CODEWITHSUNDEEP
typescriptinheritancestrong-typingtypescript3.0
Can Poyrazoğlu
Can Poyrazoğlu

Reputation: 34810

How to define Typescript function that takes a type as a strongly typed argument

I want to create a function that takes in a type (created with export class and imported normally) that extends a specific type. I have a Page class and many derived classes.

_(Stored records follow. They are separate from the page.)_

(* Let $k$ be a positive integer and let $G=G_1*_k G_2$ where, for each $i=1,2$, either $G_i=K_1$ or $\tau(G_i)=\overline{\tau}(G_i)=\kappa'(G_i)=\overline{\kappa'}(G_i)=k$. Then $\tau(G)=\overline{\tau}(G)=\kappa'(G)=\overline{\kappa'}(G)=k$.
   Context: Graphs are finite, loopless, possibly with multiple edges. $\kappa'(G)$ is the edge connectivity; $\tau(G)$ is the maximum number of edge-disjoint spanning trees of a connected graph $G$ ($\tau(K_1)=\infty$). $\overline{\kappa'}(G)=\max\{\kappa'(H): H\subseteq G\}$ and $\overline{\tau}(G)=\max\{\tau(H): H\subseteq G\}$, maxima over subgraphs. For vertex-disjoint connected graphs $G_1,G_2$ and a set $K$ of $k$ edges each having one end in $V(G_1)$ and the other in $V(G_2)$, the $k$-edge-join $G_1*_k G_2$ is the graph with vertex set $V(G_1)\cup V(G_2)$ and edge set $E(G_1)\cup E(G_2)\cup K$. *)

(* Loopless multigraphs: a finite vertex type V, a finite
   edge type E, and endpoint maps src tgt : E -> V (orientation irrelevant).
   A subgraph is a pair (S, F) with S : {set V}, F : {set E}, every edge of F
   having both ends in S. *)
From mathcomp Require Import all_boot.
Set Implicit Arguments. Unset Strict Implicit. Unset Printing Implicit Defensive.

Section Graphs.
Variables (V E : finType) (src tgt : E -> V).

Definition adj (F : {set E}) : rel V := fun x y =>
  [exists e in F, ((src e == x) && (tgt e == y)) || ((src e == y) && (tgt e == x))].

Definition is_subgraph (S : {set V}) (F : {set E}) : bool :=
  [forall e in F, (src e \in S) && (tgt e \in S)].

Definition inside (S : {set V}) : {set E} :=
  [set e | (src e \in S) && (tgt e \in S)].

Definition connectedg (S : {set V}) (F : {set E}) : bool :=
  [forall x in S, forall y in S, connect (adj F) x y].

(* acyclic edge set: no edge lies on a cycle, i.e. removing any edge e
   disconnects its two ends *)
Definition acyclic (T : {set E}) : bool :=
  [forall e in T, ~~ connect (adj (T :\ e)) (src e) (tgt e)].

Definition spanning_tree (S : {set V}) (F T : {set E}) : bool :=
  [&& T \subset F, connectedg S T & acyclic T].

Definition has_trees (S : {set V}) (F : {set E}) (k : nat) : bool :=
  [exists Tr : {ffun 'I_k -> {set E}},
     [forall i, spanning_tree S F (Tr i)] &&
     [forall i, forall j, (i != j) ==> [disjoint Tr i & Tr j]]].

(* Meaningful for
   graphs with at least two vertices (then each tree uses >= 1 edge, so the
   number is at most #|F|); tau(K_1) = oo is never used below. *)
Definition tau (S : {set V}) (F : {set E}) : nat :=
  \max_(k < #|F|.+1 | has_trees S F k) (k : nat).

(* kappa'(S,F): edge connectivity = minimum size of an edge set whose removal
   disconnects (S,F) (for #|S| >= 2; removing F itself disconnects). *)
Definition kappa' (S : {set V}) (F : {set E}) : nat :=
  \big[minn/#|F|]_(C : {set E} | (C \subset F) && ~~ connectedg S (F :\: C)) #|C|.

Definition subg_of (S : {set V}) (F : {set E}) (P : {set V} * {set E}) : bool :=
  [&& P.1 \subset S, P.2 \subset F, is_subgraph P.1 P.2 & 1 < #|P.1|].

Definition taubar (S : {set V}) (F : {set E}) : nat :=
  \max_(P | subg_of S F P) tau P.1 P.2.

Definition kappabar (S : {set V}) (F : {set E}) : nat :=
  \max_(P | subg_of S F P) kappa' P.1 P.2.

Definition crossing (S : {set V}) : {set E} :=
  [set e | (src e \in S) != (tgt e \in S)].

End Graphs.

(** The [k] crossing edges of [G1 *_k G2] form a disconnecting edge set, so
    [kappa'(G) <= k].  They also yield [k] edge-disjoint spanning trees: glue
    the [i]-th spanning tree of [G1], the [i]-th spanning tree of [G2] (empty
    when that side is [K_1]) and the [i]-th crossing edge.  As [tau <= kappa']
    in any graph, [tau(G) = kappa'(G) = k].  A subgraph of [G] lying in one
    side has edge connectivity at most [kappabar] of that side, i.e. [k], and
    one meeting both sides is disconnected by at most [k] crossing edges; so
    [taubar(G) <= kappabar(G) <= k]. *)

From mathcomp Require Import all_boot all_order zify.
Set Implicit Arguments. Unset Strict Implicit. Unset Printing Implicit Defensive.

Lemma connect_homo (T T' : finType) (f : T -> T') (e : rel T) (e' : rel T') :
  (forall x y, e x y -> connect e' (f x) (f y)) ->
  forall x y, connect e x y -> connect e' (f x) (f y).
Proof.
move=> fe x _ /connectP[p ep ->]; elim: p x ep => [|z p IHp] x /=.
  by move=> _; apply: connect0.
by case/andP=> /fe xz /IHp; apply: connect_trans.
Qed.

Section Graphs.
Variables (V E : finType) (src tgt : E -> V).
Implicit Types (S W : {set V}) (A B C F T : {set E}).

Lemma in_inside W e : (e \in inside src tgt W) = (src e \in W) && (tgt e \in W).
Proof. by rewrite inE. Qed.

Lemma in_crossing W e : (e \in crossing src tgt W) = ((src e \in W) != (tgt e \in W)).
Proof. by rewrite inE. Qed.

Lemma crossingC W : crossing src tgt (~: W) = crossing src tgt W.
Proof. by apply/setP=> e; rewrite !in_crossing !inE; do 2!case: (_ \in W). Qed.

Lemma adj_sym F : symmetric (adj src tgt F).
Proof. by move=> x y; apply/existsP/existsP => -[e He]; exists e; rewrite orbC. Qed.

Lemma connect_adjC F x y :
  connect (adj src tgt F) x y = connect (adj src tgt F) y x.
Proof. exact: (sym_connect_sym (adj_sym F)). Qed.

Lemma adj_edge F e : e \in F -> adj src tgt F (src e) (tgt e).
Proof. by move=> eF; apply/existsP; exists e; rewrite eF !eqxx. Qed.

Lemma adj_ind F (R : V -> V -> Prop) : (forall x y, R x y -> R y x) ->
  {in F, forall e, R (src e) (tgt e)} -> forall x y, adj src tgt F x y -> R x y.
Proof.
move=> Rsym RF x y /existsP[e /andP[eF /orP[]]] /andP[/eqP<- /eqP<-].
  exact: RF.
exact/Rsym/RF.
Qed.

Lemma connect_subset F F' : F \subset F' ->
  subrel (connect (adj src tgt F)) (connect (adj src tgt F')).
Proof.
move=> sFF'; apply: connect_sub; apply: adj_ind => [x y|e eF].
  by rewrite connect_adjC.
exact/connect1/adj_edge/(subsetP sFF').
Qed.

Lemma connectedgP S F :
  reflect {in S &, forall x y, connect (adj src tgt F) x y} (connectedg src tgt S F).
Proof.
apply: (iffP forall_inP) => [cS x y xS | cS x xS]; first exact: (forall_inP (cS x xS)).
by apply/forall_inP => y; apply: cS.
Qed.

Lemma closed_adj W F : {in F, forall e, (src e \in W) = (tgt e \in W)} ->
  closed (adj src tgt F) W.
Proof. by move=> FW; apply: adj_ind => [x y ->|]. Qed.

Lemma kappa'_le_cut S F C : C \subset F -> ~~ connectedg src tgt S (F :\: C) ->
  kappa' src tgt S F <= #|C|.
Proof.
move=> sCF ncut; rewrite /kappa' -minEnat -leEnat.
by apply: Order.TotalTheory.bigmin_le_cond; rewrite sCF.
Qed.

Lemma kappa'_le_crossing S F W x y : x \in S -> y \in S -> x \in W -> y \notin W ->
  kappa' src tgt S F <= #|crossing src tgt W|.
Proof.
move=> xS yS xW yW; apply: leq_trans (subset_leq_card (subsetIr F _)).
apply: kappa'_le_cut; first exact: subsetIl.
apply: contraNN yW => /connectedgP/(_ x y xS yS)/(closed_connect _)<- //.
apply: closed_adj => e /setDP[eF]; rewrite inE eF in_crossing /=.
by move/negPn/eqP.
Qed.

Lemma spanning_tree_meets_cut S F T C : spanning_tree src tgt S F T ->
  ~~ connectedg src tgt S (F :\: C) -> ~~ [disjoint T & C].
Proof.
case/and3P=> sTF /connectedgP cT _; apply: contraNN => dTC.
apply/connectedgP => x y xS yS; apply: connect_subset (cT x y xS yS).
by rewrite subsetD sTF.
Qed.

Lemma tau_le_kappa' S F : tau src tgt S F <= kappa' src tgt S F.
Proof.
apply/bigmax_leqP => m /existsP[Tr /andP[/forallP trees /forallP disj]].
apply: (big_ind (fun n => m <= n)) => [||C /andP[_ ncut]].
- by rewrite -ltnS.
- by move=> a b ma mb; rewrite leq_min ma mb.
have /fin_all_exists[g gTC] : forall i, exists e, e \in Tr i :&: C.
  by move=> i; apply/set0Pn; rewrite setI_eq0 (spanning_tree_meets_cut (trees i)).
have g_inj : injective g.
  move=> i j gij; apply/eqP; apply: contraT => ij.
  have := disjointFr (implyP (forallP (disj i) j) ij) (setIP (gTC i)).1.
  by rewrite gij (setIP (gTC j)).1.
rewrite -[m : nat]card_ord -(card_imset _ g_inj); apply/subset_leq_card/subsetP.
by move=> _ /imsetP[i _ ->]; case/setIP: (gTC i).
Qed.

Lemma has_trees0 S F : has_trees src tgt S F 0.
Proof. by apply/existsP; exists [ffun => set0]; apply/andP; split; apply/forallP => -[]. Qed.

Lemma has_trees_tau S F : has_trees src tgt S F (tau src tgt S F).
Proof.
rewrite /tau (bigmax_eq_arg ord0) ?has_trees0 //.
by case: arg_maxnP; first exact: has_trees0.
Qed.

Lemma has_trees_le_tau S F k : k <= #|F| -> has_trees src tgt S F k ->
  k <= tau src tgt S F.
Proof.
rewrite -ltnS => kF; exact: (@leq_bigmax_cond _ _ val (Ordinal kF)).
Qed.

Lemma subg_of_self S F : is_subgraph src tgt S F -> 1 < #|S| -> subg_of src tgt S F (S, F).
Proof. by move=> sub S2; rewrite /subg_of /= !subxx sub S2. Qed.

Lemma tau_le_taubar S F : is_subgraph src tgt S F -> 1 < #|S| ->
  tau src tgt S F <= taubar src tgt S F.
Proof. by move=> sub S2; apply: (leq_bigmax_cond _ (subg_of_self sub S2)). Qed.

Lemma kappa'_le_kappabar S F : is_subgraph src tgt S F -> 1 < #|S| ->
  kappa' src tgt S F <= kappabar src tgt S F.
Proof. by move=> sub S2; apply: (leq_bigmax_cond _ (subg_of_self sub S2)). Qed.

Lemma subg_of_inside S F W P : subg_of src tgt S F P -> P.1 \subset W ->
  subg_of src tgt W (inside src tgt W) P.
Proof.
case/and4P=> _ _ sub P2 sW; apply/and4P; split=> //; apply/subsetP => e eP.
by have /andP[se te] := forall_inP sub e eP; rewrite in_inside !(subsetP sW).
Qed.

Lemma taubar_le_kappabar S F : taubar src tgt S F <= kappabar src tgt S F.
Proof.
apply/bigmax_leqP => P hP.
exact: leq_trans (tau_le_kappa' _ _) (leq_bigmax_cond _ hP).
Qed.

Lemma spanning_tree_set0 u F : spanning_tree src tgt [set u] F set0.
Proof.
apply/and3P; split; first exact: sub0set.
  by apply/connectedgP => x y /set1P-> /set1P->.
by apply/forall_inP => e; rewrite inE.
Qed.

Lemma has_trees_set1 u F k : has_trees src tgt [set u] F k.
Proof.
apply/existsP; exists [ffun => set0]; apply/andP; split; apply/forallP => i.
  by rewrite ffunE spanning_tree_set0.
by apply/forallP => j; rewrite !ffunE -setI_eq0 setI0 eqxx implybT.
Qed.

Lemma connect_crossing_src W A c x : connectedg src tgt W A ->
  c \in crossing src tgt W -> x \in W -> connect (adj src tgt (c |: A)) x (src c).
Proof.
move=> /connectedgP cA; rewrite in_crossing => cW xW.
have sA : A \subset c |: A := subsetUr _ _.
case sW: (src c \in W); first exact: connect_subset sA _ _ (cA _ _ xW sW).
have tW : tgt c \in W by move: cW; rewrite sW; case: (tgt c \in W).
apply: connect_trans (connect_subset sA (cA _ _ xW tW)) _.
by rewrite connect_adjC; apply/connect1/adj_edge/setU11.
Qed.

(* Collapsing [~: W] onto the end of [c] in [W] maps paths avoiding [e] in the
   glued graph to paths avoiding [e] in [A]. *)
Lemma glue_acyclic_side W A B c e :
  A \subset inside src tgt W -> acyclic src tgt A -> B \subset inside src tgt (~: W) ->
  c \in crossing src tgt W -> e \in A ->
  ~~ connect (adj src tgt ((c |: (A :|: B)) :\ e)) (src e) (tgt e).
Proof.
move=> sA acA sB; rewrite in_crossing => cW eA.
pose w := if src c \in W then src c else tgt c.
pose r x := if x \in W then x else w.
have /andP[se te] : (src e \in W) && (tgt e \in W) by rewrite -in_inside (subsetP sA).
suff r_homo x y : adj src tgt ((c |: (A :|: B)) :\ e) x y ->
    connect (adj src tgt (A :\ e)) (r x) (r y).
  apply: contraNN (forall_inP acA e eA) => /(connect_homo r_homo).
  by rewrite /r se te.
move: x y; apply: adj_ind => [x y|e']; first by rewrite connect_adjC.
rewrite !inE => /andP[e'e /or3P[/eqP-> | e'A | e'B]].
- by rewrite /r /w; case: (src c \in W) cW; case: (tgt c \in W).
- have /andP[se' te'] : (src e' \in W) && (tgt e' \in W) by rewrite -in_inside (subsetP sA).
  by rewrite /r se' te'; apply/connect1/adj_edge; rewrite !inE e'e e'A.
have := subsetP sB e' e'B; rewrite in_inside !inE => /andP[/negPf se' /negPf te'].
by rewrite /r se' te'.
Qed.

Lemma spanning_tree_glue W A B c :
  spanning_tree src tgt W (inside src tgt W) A ->
  spanning_tree src tgt (~: W) (inside src tgt (~: W)) B ->
  c \in crossing src tgt W ->
  spanning_tree src tgt [set: V] [set: E] (c |: (A :|: B)).
Proof.
move=> /and3P[sA cA acA] /and3P[sB cB acB] cW.
have cW' : c \in crossing src tgt (~: W) by rewrite crossingC.
apply/and3P; split; first exact: subsetT.
  have toc z : connect (adj src tgt (c |: (A :|: B))) z (src c).
    have [zW | ] := boolP (z \in W); last rewrite -in_setC => zW.
      exact: connect_subset (setUS _ (subsetUl _ _)) _ _ (connect_crossing_src cA cW zW).
    exact: connect_subset (setUS _ (subsetUr _ _)) _ _ (connect_crossing_src cB cW' zW).
  by apply/connectedgP => x y _ _; apply: connect_trans (toc x) _; rewrite connect_adjC.
apply/forall_inP => e /setU1P[-> | /setUP[eA | eB]].
- (* once [c] is removed, no edge crosses [W] *)
  apply: contraTN cW; rewrite in_crossing negbK.
  move=> /(closed_connect (closed_adj _)) -> //.
  move=> e' /setD1P[/negPf e'c /setU1P[/eqP | /setUP[]]]; rewrite ?e'c //.
    by move/(subsetP sA); rewrite in_inside => /andP[-> ->].
  by move/(subsetP sB); rewrite in_inside !inE => /andP[/negPf-> /negPf->].
- exact: glue_acyclic_side sA acA sB cW eA.
by rewrite (setUC A); apply: glue_acyclic_side sB acB _ cW' eB; rewrite setCK.
Qed.

Lemma glue_disjoint W A A' B B' c c' :
  A \subset inside src tgt W -> A' \subset inside src tgt W ->
  B \subset inside src tgt (~: W) -> B' \subset inside src tgt (~: W) ->
  c \in crossing src tgt W -> c' \in crossing src tgt W -> c != c' ->
  [disjoint A & A'] -> [disjoint B & B'] ->
  [disjoint c |: (A :|: B) & c' |: (A' :|: B')].
Proof.
move=> /subsetP sA /subsetP sA' /subsetP sB /subsetP sB'.
rewrite !in_crossing => cW c'W cc' dA dB.
have inW e : e \in inside src tgt W -> (src e \in W) && (tgt e \in W) by rewrite in_inside.
have outW e : e \in inside src tgt (~: W) -> (src e \notin W) && (tgt e \notin W).
  by rewrite in_inside !inE.
apply/pred0P => e /=; apply/negP => /andP[].
case/setU1P=> [->|/setUP[eA|eB]] /setU1P[ec'|/setUP[eA'|eB']].
- by rewrite ec' eqxx in cc'.
- by move: cW; case/andP: (inW c (sA' c eA')) => -> ->.
- by move: cW; case/andP: (outW c (sB' c eB')) => /negPf-> /negPf->.
- by move: c'W; rewrite -ec'; case/andP: (inW e (sA e eA)) => -> ->.
- by rewrite (disjointFr dA eA) in eA'.
- by move: (inW e (sA e eA)) (outW e (sB' e eB')) => /andP[-> _] /andP[].
- by move: c'W; rewrite -ec'; case/andP: (outW e (sB e eB)) => /negPf-> /negPf->.
- by move: (inW e (sA' e eA')) (outW e (sB e eB)) => /andP[-> _] /andP[].
by rewrite (disjointFr dB eB) in eB'.
Qed.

In plain English, I'd like to have a function accept Page, DerivedPage, AnotherDerivedPage classes (not instances), obviously, trying to avoid any and keep strong typing.

How do I do it?

Upvotes: 2

Views: 308

Answers (2)

Doğancan Arabacı
Doğancan Arabacı

Reputation: 3992

If you want only the classes Page, DerivedPage, AnotherDerivedPage; you can use something as follows:

function foo (foo: Page | DerivedPage | AnotherDerivedPage)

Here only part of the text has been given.